This is this text from the link to the accepted answer - should it go dead:

这是链接到已接受答案的文本 - 如果它死了：

Here's a new one: I've sometimes been asked about distance of a point from a great-circle path (sometimes called cross track error).

这是一个新问题：有时我会被问到点与大圆路径的距离（有时称为交叉轨迹误差）。

Formula: dxt = asin( sin(δ13) ? sin(θ13?θ12) ) ? R

公式： dxt = asin( sin(δ13) ? sin(θ13?θ12) ) ? R

where:

在哪里：

• δ13is (angular) distance from start point to third point

• θ13is (initial) bearing from start point to third point

• θ12is (initial) bearing from start point to end point

• Ris the earth's radius

• δ13是从起点到第三点的（角度）距离

• θ13是（初始）从起点到第三点的方位

• θ12是（初始）从起点到终点的方位

• R是地球的半径

JavaScript:

JavaScript：

var δ13 = d13 / R;
var dXt = Math.asin(Math.sin(δ13)*Math.sin(θ13-θ12)) * R;

Here, the great-circle path is identified by a start point and an end point – depending on what initial data you're working from, you can use the formulas above to obtain the relevant distance and bearings. The sign of dxttells you which side of the path the third point is on.

在这里，大圆路径由起点和终点标识 - 根据您使用的初始数据，您可以使用上面的公式来获得相关的距离和方位。的符号dxt告诉您第三个点在路径的哪一侧。

The along-track distance, from the start point to the closest point on the path to the third point, is:

从起点到路径上最近点到第三点的沿轨道距离为：

Formula: dat = acos( cos(δ13) / cos(δxt) ) ? R

公式： dat = acos( cos(δ13) / cos(δxt) ) ? R

where:

在哪里：

• δ13is (angular) distance from start point to third point
• δxtis (angular) cross-track distance
• Ris the earth's radius

• δ13是从起点到第三点的（角度）距离
• δxt是（角）跨轨道距离
• R是地球的半径

JavaScript:

JavaScript：

var dAt = Math.acos(Math.cos(δ13)/Math.cos(dXt/R)) * R; 

Brad,

布拉德，

I'm not sure which ellipsoid model you are using since you don't say. If you aren't using an ellipsoid model in you current calculations, you may find this helpful:

我不确定您使用的是哪种椭球模型，因为您没有说。如果您在当前的计算中没有使用椭球模型，您可能会发现这很有帮助：

http://www.movable-type.co.uk/scripts/latlong-vincenty.html

http://www.movable-type.co.uk/scripts/latlong-vincenty.html

The Vincenty algorithm is more accurate that the Haversine algorithm.

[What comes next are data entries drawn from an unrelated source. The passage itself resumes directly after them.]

Lemma simplex_compact : compact [set l | simplex l].
Proof.
apply: bounded_closed_compact.
  exists 1; split => // M M1 l [l_ge0 l_sum]; change (mx_norm l <= M).
  rewrite mx_normrE.
  apply: bigmax_le => [|[i j] _ /=]; first lra.
  rewrite (ord1 i) ger0_norm // (le_trans _ (ltW M1)) // -l_sum (bigD1 j) //= lerDl.
  exact: sumr_ge0.
have -> : [set l | simplex l] =
    \bigcap_(i in [set: 'I_N]) ((fun l : 'rV[R]_N => l 0 i) @^-1` [set x | 0 <= x])
    `&` (fun l : 'rV[R]_N => \sum_(i < N) l 0 i) @^-1` [set x | x = 1].
  by apply/seteqP; split => l /= [l_ge0 l_sum]; split => // i *; apply: l_ge0.
apply: closedI.
  apply: closed_bigI => i _; apply: preimage_closed; last exact: closed_ge.
  by move=> l _; apply: coord_continuous.
apply: preimage_closed; last exact: closed_eq.
move=> l _; apply: differentiable_continuous.
have -> : (fun l : 'rV[R]_N => \sum_(i < N) l 0 i) = \sum_(i < N) (fun l : 'rV[R]_N => l 0 i).
  by apply/funext => l'; rewrite fct_sumE.
by apply: differentiable_sum => i; apply: differentiable_coord.
Qed.

Lemma simplex_exists_min (f : 'rV[R]_N -> R) : (0 < N)%N -> continuous f ->
  exists l, simplex l /\ forall l', simplex l' -> f l <= f l'.
Proof.
move=> N_gt0 f_cont.
have simplex_neq0 : [set l | simplex l] !=set0.
  exists (delta_mx 0 (Ordinal N_gt0)); split=> [i|]; first by rewrite mxE ler0n.
  rewrite (bigD1 (Ordinal N_gt0)) //= mxE !eqxx big1 ?addr0 // => i /negbTE.
  by rewrite mxE andbC => ->.
have [l /set_mem l_simplex l_min] :=
  EVT_min_rV simplex_neq0 simplex_compact (continuous_subspaceT f_cont).
by exists l; split=> // l' /mem_set; apply: l_min.
Qed.

End Simplex.

Lemma le0_of_le_scaled (R : realType) (a b : R) : 0 <= b ->
  (forall t, 0 < t -> t <= 1 -> a <= t * b) -> a <= 0.
Proof.
move=> b0 le_ab; rewrite leNgt; apply/negP => a_gt0.
pose t := a / (a + b).
have e : t * (a + b) = a by rewrite /t divfK // gt_eqF //; lra.
have t_gt0 : 0 < t by rewrite /t divr_gt0 //; lra.
have t_le1 : t <= 1 by rewrite /t ler_pdivrMr ?mul1r; lra.
by have := le_ab t t_gt0 t_le1; nra.
Qed.

Section Omega.
Variables (R : realType) (N m : nat) (w : 'I_N -> 'rV[R]_m).
Hypothesis N_gt0 : (0 < N)%N.

Lemma le_omega z i : dotv (w i) z <= omega w z.
Proof. exact: le_bigmax. Qed.

Lemma omega_attained z : exists i, omega w z = dotv (w i) z.
Proof.
rewrite /omega; set s0 := head _ _.
have [i ->] : exists i, s0 = dotv (w i) z.
  rewrite /s0; case E: (enum 'I_N) => [|i s] /=; last by exists i.
  by exfalso; have := size_enum_ord N; rewrite E => /= N0; move: N_gt0; rewrite -N0.
elim/big_rec: _ => [|j x _ [i' ->]]; first by exists i.
by rewrite maxEle; case: ifP => _; [exists i' | exists j].
Qed.

Lemma omega0 : omega w 0 = 0.
Proof. by have [i ->] := omega_attained 0; rewrite dotv0r. Qed.

Definition Komega := \big[Num.max/0]_(i < N) enorm (w i).

Lemma enorm_le_Komega i : enorm (w i) <= Komega.
Proof. exact: le_bigmax. Qed.

Lemma omega_subr_le z z' : omega w z - omega w z' <= Komega * enorm (z - z').
Proof.
have [i ->] := omega_attained z.
apply: le_trans (_ : dotv (w i) z - dotv (w i) z' <= _).
  by rewrite lerD2l lerN2 le_omega.
rewrite -dotvBr (le_trans (dotv_le _ _)) // ler_wpM2r ?enorm_ge0 //.
exact: enorm_le_Komega.
Qed.

Lemma omega_lipschitz z z' : `|omega w z - omega w z'| <= Komega * enorm (z - z').
Proof.
by rewrite ler_norml omega_subr_le andbT lerNl opprB -enormN opprB omega_subr_le.
Qed.

Lemma omega_le_Komega z : omega w z <= Komega * enorm z.
Proof. by have := omega_subr_le z 0; rewrite omega0 !subr0. Qed.

Definition Wmx : 'M[R]_(N, m) := \matrix_i w i.

Lemma dotv_Wmx (l : 'rV[R]_N) z : dotv (l *m Wmx) z = \sum_(i < N) l 0 i * dotv (w i) z.
Proof.
rewrite dotv_mulmx; apply: eq_bigr => i _; congr (_ * _).
by rewrite mxE; apply: eq_bigr => j _; rewrite !mxE mulrC.
Qed.

Definition in_hull v := exists l, simplex l /\ v = l *m Wmx.

Lemma in_hull_w i : in_hull (w i).
Proof.
exists (delta_mx 0 i); split; last by rewrite -rowE rowK.
split=> [j|]; first by rewrite mxE ler0n.
rewrite (bigD1 i) //= mxE !eqxx big1 ?addr0 // => j /negbTE.
by rewrite mxE andbC => ->.
Qed.

Lemma in_hull_conv u v t : in_hull u -> in_hull v -> 0 <= t -> t <= 1 ->
  in_hull (t *: u + (1 - t) *: v).
Proof.
move=> [l1 [[l1_ge0 l1_sum] ->]] [l2 [[l2_ge0 l2_sum] ->]] t0 t1.
exists (t *: l1 + (1 - t) *: l2); split; last by rewrite mulmxDl -!scalemxAl.
split=> [j|]; first by rewrite !mxE addr_ge0 // mulr_ge0 // subr_ge0.
under eq_bigr do rewrite !mxE.
by rewrite big_split /= -!mulr_sumr l1_sum l2_sum; ring.
Qed.

Lemma hull_exists_min_sqr_affine n (c : 'rV[R]_n) (B : 'M[R]_(m, n)) :
  exists p, in_hull p /\ forall u, in_hull u ->
    dotv (p *m B + c) (p *m B + c) <= dotv (u *m B + c) (u *m B + c).
Proof.
have [l [l_simplex l_min]] := simplex_exists_min N_gt0
  (fun x => differentiable_continuous (differentiable_sqr_affine (Wmx *m B) c x)).
exists (l *m Wmx); split=> [|_ [l' [l'_simplex ->]]]; first by exists l.
by rewrite -!mulmxA; apply: l_min.
Qed.

End Omega.

Section Conjugate.
Variables (R : realType) (N m : nat) (w : 'I_N -> 'rV[R]_m).
Hypothesis N_gt0 : (0 < N)%N.
Local Notation omega_star := (fconj (omega w)).

Lemma hull_projection v : exists p, in_hull w p /\
  forall u, in_hull w u -> dotv (v - p) (u - p) <= 0.
Proof.
have [p [p_hull p_min]] := hull_exists_min_sqr_affine w N_gt0 (- v) 1%:M.
exists p; split=> // u u_hull.
apply: (@le0_of_le_scaled _ _ (dotv (u - p) (u - p) / 2)) => [|t t0 t1].
  by rewrite divr_ge0 ?dotvv_ge0.
have := p_min _ (in_hull_conv u_hull p_hull (ltW t0) t1); rewrite !mulmx1.
have -> : t *: u + (1 - t) *: p - v = (p - v) + t *: (u - p).
  by apply/rowP => i; rewrite !mxE; ring.
rewrite dotv_sqrDZ.
have -> : dotv (p - v) (u - p) = - dotv (v - p) (u - p) by rewrite -dotvNl opprB.
by have := dotvv_ge0 (u - p); nra.
Qed.

Lemma fconj_ge v z : ((dotv v z - omega w z)%:E <= omega_star v)%E.
Proof. by apply: ereal_sup_ubound; exists z. Qed.

Lemma fconj_ge0 v : (0 <= omega_star v)%E.
Proof. by have := fconj_ge v 0; rewrite dotv0r omega0 // subr0. Qed.

Lemma fconj_fin_bound v : (omega_star v < +oo)%E ->
  exists c : R, forall z, dotv v z - omega w z <= c.
Proof.
move=> v_dom; exists (fine (omega_star v)) => z.
by rewrite -lee_fin fineK ?fconj_ge // ge0_fin_numE ?fconj_ge0.
Qed.

Lemma fconj_hull v : in_hull w v -> omega_star v = 0%E.
Proof.
move=> [l [[l_ge0 l_sum] ->]]; apply/le_anti; rewrite fconj_ge0 andbT.
apply: ge_ereal_sup => _ [z _ <-]; rewrite lee_fin subr_le0 dotv_Wmx.
rewrite -[leRHS]mul1r -l_sum mulr_suml; apply: ler_sum => i _.
by rewrite ler_wpM2l ?le_omega.
Qed.

Lemma fconj_dom_bounded v : (omega_star v < +oo)%E -> enorm v <= Komega w.
Proof.
move=> /fconj_fin_bound [c c_bound].
have c0 : 0 <= c by have := c_bound 0; rewrite dotv0r omega0 // subr0.
rewrite leNgt; apply/negP => Kv.
have K0 : 0 <= Komega w := le_trans (enorm_ge0 _) (enorm_le_Komega w (Ordinal N_gt0)).
(* along the ray [t v], [<v, t v> - omega (t v) >= t |v| (|v| - K)] is unbounded *)
set q := enorm v * (enorm v - Komega w).
have q_gt0 : 0 < q by rewrite mulr_gt0 //; lra.
pose t := (c + 1) / q.
have t0 : 0 <= t by rewrite divr_ge0 //; lra.
have tq : t * q = c + 1 by rewrite divfK ?gt_eqF.
have := c_bound (t *: v); rewrite dotvZr -enorm_sqr.
have := omega_le_Komega w N_gt0 (t *: v); rewrite enormZ ger0_norm //.
by rewrite /q in tq; nra.
Qed.

Lemma fconj_dom_hull v : (omega_star v < +oo)%E -> in_hull w v.
Proof.
move=> /fconj_fin_bound [c c_bound].
have c0 : 0 <= c by have := c_bound 0; rewrite dotv0r omega0 // subr0.
have [p [p_hull p_proj]] := hull_projection v.
case: (boolp.pselect (in_hull w v)) => // v_hull; exfalso.
(* [z = v - p] separates [v] from every [w i]; then [omega_star] grows along [t z] *)
set z := v - p.
have zz_gt0 : 0 < dotv z z.
  rewrite lt_def dotvv_ge0 andbT; apply: contra_notN v_hull => /eqP /dotvv_eq0 /eqP.
  by rewrite subr_eq0 => /eqP ->.
have w_le i : dotv (w i) z <= dotv p z.
  by have := p_proj _ (in_hull_w w i); rewrite dotvBr dotvC (dotvC z p); lra.
have vz : dotv v z - dotv p z = dotv z z by rewrite -dotvBl.
pose t := (c + 1) / dotv z z.
have t0 : 0 <= t by rewrite divr_ge0 //; lra.
have tz : t * dotv z z = c + 1 by rewrite divfK ?gt_eqF.
have := c_bound (t *: z); have [j ->] := omega_attained w N_gt0 (t *: z).
by rewrite !dotvZr; have := w_le j; nra.
Qed.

Vincenty 算法比Haversine 算法更准确。

Once you have accurate distances for A-B, A-C and B-C, it should be straightforward to determine your distance from C to the line A-B. Something like a binary search of the distances from points on A-B to C, looking for the shortest value.

一旦获得了 AB、AC 和 BC 的准确距离，就可以直接确定从 C 到线 AB 的距离。类似于从 AB 上的点到 C 的距离的二分搜索，寻找最短的值。

James

詹姆士

If dealing with latitude and longitude, the forumla you're looking for is the "Haversine" formula. It takes into account the curvature of the earth's surface.

如果处理纬度和经度，您正在寻找的论坛是“Haversine”公式。它考虑了地球表面的曲率。

http://en.wikipedia.org/wiki/Haversine_formula

http://en.wikipedia.org/wiki/Haversine_formula

Good luck.

祝你好运。

The CLLocation API provides

CLLocation API 提供

- (CLLocationDistance)distanceFromLocation:(const CLLocation *)location

Which uses a formula (it does not specify whether is it Haversine or Vincenty or other) that takes into account the curvature of the earth. This returns the distance in meters between the 2 CLLocations but does not account for any difference in altitude.

它使用了一个考虑地球曲率的公式（它没有指定是Haversine还是Vincenty或其他）。这将返回 2 个 CLLocations 之间的距离（以米为单位），但不考虑高度的任何差异。